Published on: May 4, 2023

Text -to-speech (TTS) synthesis system

Text -to-speech (TTS) synthesis system

Why in news? Researchers at the Indian Institute of Science (IISc) are planning to release a text-to-speech (TTS) synthesis system aimed at making India’s digital ambitions more inclusive by the end of 2023.

Highlights:

  • SYSPIN (Synthesising Speech in Indian Languages) converts text in nine Indian languages to corresponding voices and publishes these datasets. The datasets double as an open resource for innovators, encouraging them to develop Artificial Intelligence driven voice-based services in finance and agriculture.
  • Implemented in partnership with the IISc-promoted ARTPARK, SYSPIN  could be a potential game changer as it could bring technology-enabled services closer to around 602 million people who speak these languages.
  • SYSPIN could enable TTS in multiple Indian languages, covering more sectors including education, e-mobility, and healthcare.
  • The datasets and models in Bengali, Hindi, Kannada, Marathi and Telugu have been compiled and the project is set for completion by the end of the year
  • About 80 hours of TTS data per language, in a male and a female voice, and the relevant computer programmes are being developed.
  • The team designs text relevant to the two domains, identifies the subjects and speakers, collects and validates the data, and then, open-sources it.
  • Text normalisation which involves the conversion of symbols, numbers, and abbreviations to context-specific speech is critical to TTS systems.

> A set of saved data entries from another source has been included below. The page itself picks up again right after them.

(* Let $B_n$ be the group of signed permutations of $\{\pm1,\ldots,\pm n\}$. For $\pi\in B_n$ set $\pi(0)=0$, $\mathrm{des}(\pi)=\#\{0\le i<n : \pi(i)>\pi(i+1)\}$ and $\mathrm{ides}(\pi)=\mathrm{des}(\pi^{-1})$. For $\pi$ uniformly random in $B_n$ let $X_{\mathrm{des}}=\mathrm{des}(\pi)$ and $X_{\mathrm{des}+\mathrm{ides}}=\mathrm{des}(\pi)+\mathrm{ides}(\pi)$. Then \[ \mathbb{E}(X_{\mathrm{des}+\mathrm{ides}})=n,\qquad \mathbb{V}(X_{\mathrm{des}+\mathrm{ides}}) = 2\,\mathbb{V}(X_{\mathrm{des}}) + \frac12. \]
   Context: A signed permutation is a bijection $\pi$ of $\{\pm1,\ldots,\pm n\}$ with $\pi(-i)=-\pi(i)$, written $[\pi(1),\ldots,\pi(n)]$; the convention $\pi(0)=0$ is applied to both $\pi$ and $\pi^{-1}$. *)

From HB Require Import structures.
From mathcomp Require Import all_boot all_order all_algebra all_fingroup.
Set Implicit Arguments. Unset Strict Implicit. Unset Printing Implicit Defensive.
Import Order.TTheory GRing.Theory Num.Theory.
Local Open Scope ring_scope.

(* The ground set {+-1,...,+-n} is encoded as 'I_n * bool:
   (i, false) stands for i+1 and (i, true) stands for -(i+1). *)
Definition sval_of (n : nat) (x : 'I_n * bool) : int :=
  if x.2 then - (x.1.+1%:Z) else x.1.+1%:Z.

Definition sneg (n : nat) (x : 'I_n * bool) : 'I_n * bool := (x.1, ~~ x.2).

Definition Bn (n : nat) : {set {perm ('I_n * bool)}} :=
  [set p : {perm ('I_n * bool)} | [forall x, p (sneg x) == sneg (p x)]].

(* pi(k) as an integer for k in {0,...,n}, with the convention pi(0) = 0 *)
Definition pival (n : nat) (p : {perm ('I_n * bool)}) (k : nat) : int :=
  match k with
  | 0 => 0
  | k'.+1 => match insub k' : option 'I_n with
             | Some j => sval_of (p (j, false))
             | None => 0
             end
  end.

Definition des (n : nat) (p : {perm ('I_n * bool)}) : nat :=
  #|[set i : 'I_n | pival p (i.+1) < pival p i]|.

Definition ides (n : nat) (p : {perm ('I_n * bool)}) : nat := des (p^-1)%g.

Definition expB (n : nat) (X : {perm ('I_n * bool)} -> nat) : rat :=
  (\sum_(p in Bn n) (X p)%:R) / #|Bn n|%:R.

Definition varB (n : nat) (X : {perm ('I_n * bool)} -> nat) : rat :=
  (\sum_(p in Bn n) ((X p)%:R - expB X) ^+ 2) / #|Bn n|%:R.

(* Write D_i(pi) for the indicator of a descent of pi at position i, so that
   des = sum_i D_i and ides = sum_j D_j o inv.  Left multiplication by the
   simple reflection s_i toggles D_i, hence E des = n/2; inversion preserves
   the uniform distribution, so ides has the law of des.  For the covariance
   look at the four permutations pi, s_i pi, pi s_j, s_i pi s_j: unless
   pi s_j = s_i pi, exactly one sigma among them has D_i(sigma) =
   D_j(sigma^-1) = 1; if pi s_j = s_i pi, they reduce to pi and s_i pi, each
   met twice, and exactly one of the two qualifies since then
   D_i(pi) = D_j(pi^-1).  Hence 4 E[D_i (D_j o inv)] = 1 + P(pi s_j = s_i pi).
   For fixed i these probabilities sum over j to 1/n, because the values of pi
   at positions i and i+1 form a pair uniformly distributed among the pairs of
   letters of distinct absolute values (pi(1) is uniform when i = 0).  Thus
   E[des ides] = (n^2+1)/4, Cov(des, ides) = 1/4 and
   Var(des + ides) = 2 Var(des) + 1/2. *)

From mathcomp Require Import all_boot all_order all_algebra all_fingroup.
From mathcomp Require Import zify ring.
Set Implicit Arguments. Unset Strict Implicit. Unset Printing Implicit Defensive.
Import Order.TTheory GRing.Theory Num.Theory.

Lemma sum_eq1 (T : finType) (c : T) : \sum_(d : T) (d == c : nat) = 1.
Proof. by rewrite (bigD1 c) //= eqxx big1 // => d /negbTE->. Qed.

Lemma sum_pick (T : finType) (c : T) (F : T -> nat) :
  \sum_(d : T) (c == d) * F d = F c.
Proof.
by rewrite (bigD1 c) //= eqxx mul1n big1 ?addn0 // => d; rewrite eq_sym => /negbTE->.
Qed.

Lemma sum_equal_fibres (I T : finType) (A : {pred I}) (S : pred T) (h : I -> T)
    (F : T -> nat) (K : nat) :
  (forall i, i \in A -> S (h i)) ->
  (forall t, S t -> \sum_(i in A) (h i == t : nat) = K) ->
  (\sum_(i in A) F (h i)) * #|S| = #|A| * \sum_(t | S t) F t.
Proof.
move=> AS fibreK.
have sum_fibres G : \sum_(i in A) G (h i) = K * \sum_(t | S t) G t.
  rewrite (partition_big h S) //= big_distrr; apply: eq_bigr => t St.
  rewrite -(fibreK t St) big_mkcondr big_distrl /=; apply: eq_bigr => i _.
  by case: eqP => [->|]; rewrite ?mul1n ?mul0n.
have /= := sum_fibres (fun=> 1%N); rewrite !sum1_card sum_fibres => ->; ring.
Qed.

Section GroupSums.
Variables (gT : finGroupType) (G : {group gT}).
Local Open Scope group_scope.

Section Reindex.
Variables (R : Type) (idx : R) (op : Monoid.com_law idx).

Lemma big_mulgl g (F : gT -> R) :
  g \in G -> \big[op/idx]_(x in G) F (g * x) = \big[op/idx]_(x in G) F x.
Proof.
by move=> Gg; rewrite [RHS](reindex_inj (mulgI g)); apply: eq_bigl => x; rewrite /= groupMl.
Qed.

Lemma big_mulgr g (F : gT -> R) :
  g \in G -> \big[op/idx]_(x in G) F (x * g) = \big[op/idx]_(x in G) F x.
Proof.
by move=> Gg; rewrite [RHS](reindex_inj (mulIg g)); apply: eq_bigl => x; rewrite /= groupMr.
Qed.

Lemma big_invg (F : gT -> R) :
  \big[op/idx]_(x in G) F x^-1 = \big[op/idx]_(x in G) F x.
Proof. by rewrite [RHS](reindex_inj invg_inj); apply: eq_bigl => x; rewrite /= groupV. Qed.

End Reindex.

Lemma sum_fibre_mulg (T : eqType) (h : gT -> T) (f : T -> T) g t :
  g \in G -> injective f -> (forall x, h (x * g) = f (h x)) ->
  \sum_(x in G) (h x == f t : nat) = \sum_(x in G) (h x == t : nat).
Proof.
move=> Gg f_inj hM; rewrite -(big_mulgr _ _ Gg).
by apply: eq_bigr => x _; rewrite hM (inj_eq f_inj).
Qed.

End GroupSums.

Arguments big_mulgl {gT G R idx op g} F.
Arguments big_mulgr {gT G R idx op g} F.
Arguments big_invg {gT G R idx op} F.

Lemma BnP n (p : {perm 'I_n * bool}) :
  reflect (forall x, p (sneg x) = sneg (p x)) (p \in Bn n).
Proof. by rewrite inE; apply: (iffP forallP) => Bp x; apply/eqP. Qed.

Lemma group_set_Bn n : group_set (Bn n).
Proof.
apply/group_setP; split=> [|p q /BnP Bp /BnP Bq]; apply/BnP => x.
  by rewrite !perm1.
by rewrite !permM Bp Bq.
Qed.

Canonical Bn_group n := group (group_set_Bn n).

Section SignedPermutations.
Variable n : nat.
Local Notation point := ('I_n * bool)%type.
Implicit Types (p q : {perm point}) (x y : point) (a b c i j : 'I_n) (s t : bool).
Local Open Scope group_scope.

Lemma Bn_pair p c s : p \in Bn n ->
  p (c, s) = ((p (c, false)).1, (p (c, false)).2 (+) s).
Proof.
move=> /BnP Bp; case: s; last by rewrite addbF -surjective_pairing.
by rewrite -[(c, true)]/(sneg (c, false)) Bp addbT.
Qed.

Lemma Bn_fst_eq p x y : p \in Bn n -> ((p x).1 == (p y).1) = (x.1 == y.1).
Proof.
have fstE (u v : point) : (u.1 == v.1) = (v == u) || (v == sneg u).
  by case: u v => c [] [d []]; rewrite /sneg !xpair_eqE /= ?andbT ?andbF ?orbF // eq_sym.
by move/BnP => Bp; rewrite !fstE -Bp !(inj_eq perm_inj).
Qed.

Lemma Bn_invg_fst p c : p \in Bn n ->
  p^-1 ((p (c, false)).1, false) = (c, (p (c, false)).2).
Proof. by move=> Bp; apply: (@perm_inj _ p); rewrite permKV [RHS]Bn_pair // addbb. Qed.

Lemma sval_of_lt0 x : (sval_of x < 0)%R = x.2.
Proof. by case: x => c []; rewrite /sval_of /=; lia. Qed.

Lemma sval_of_inj : injective (@sval_of n).
Proof.
move=> [c s] [d t]; rewrite /sval_of; case: s; case: t => /= cd.
all: try lia; congr (_, _); apply: val_inj => /=; lia.
Qed.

The need for such technology

  • The unavailability of technological expertise and open voice data had hindered possibilities of AI-powered speech technologies in low-resourced Indian languages. Bhojpuri, Chhattisgarhi, Magadhi, and Maithili are the other languages in the programme.
  • Socio-economic backwardness and low literacy have left large sections of India’s population with limited access to digital innovations.

The goal

  • To enable voice-based interfaces that also help people who cannot read. The size of the TTS corpus is expected to be “several times larger” than any existing corpus in Indian languages.
  • The open-sourcing of the TTS data makes it accessible to researchers, technology innovators, social entrepreneurs and startups to develop application-specific models.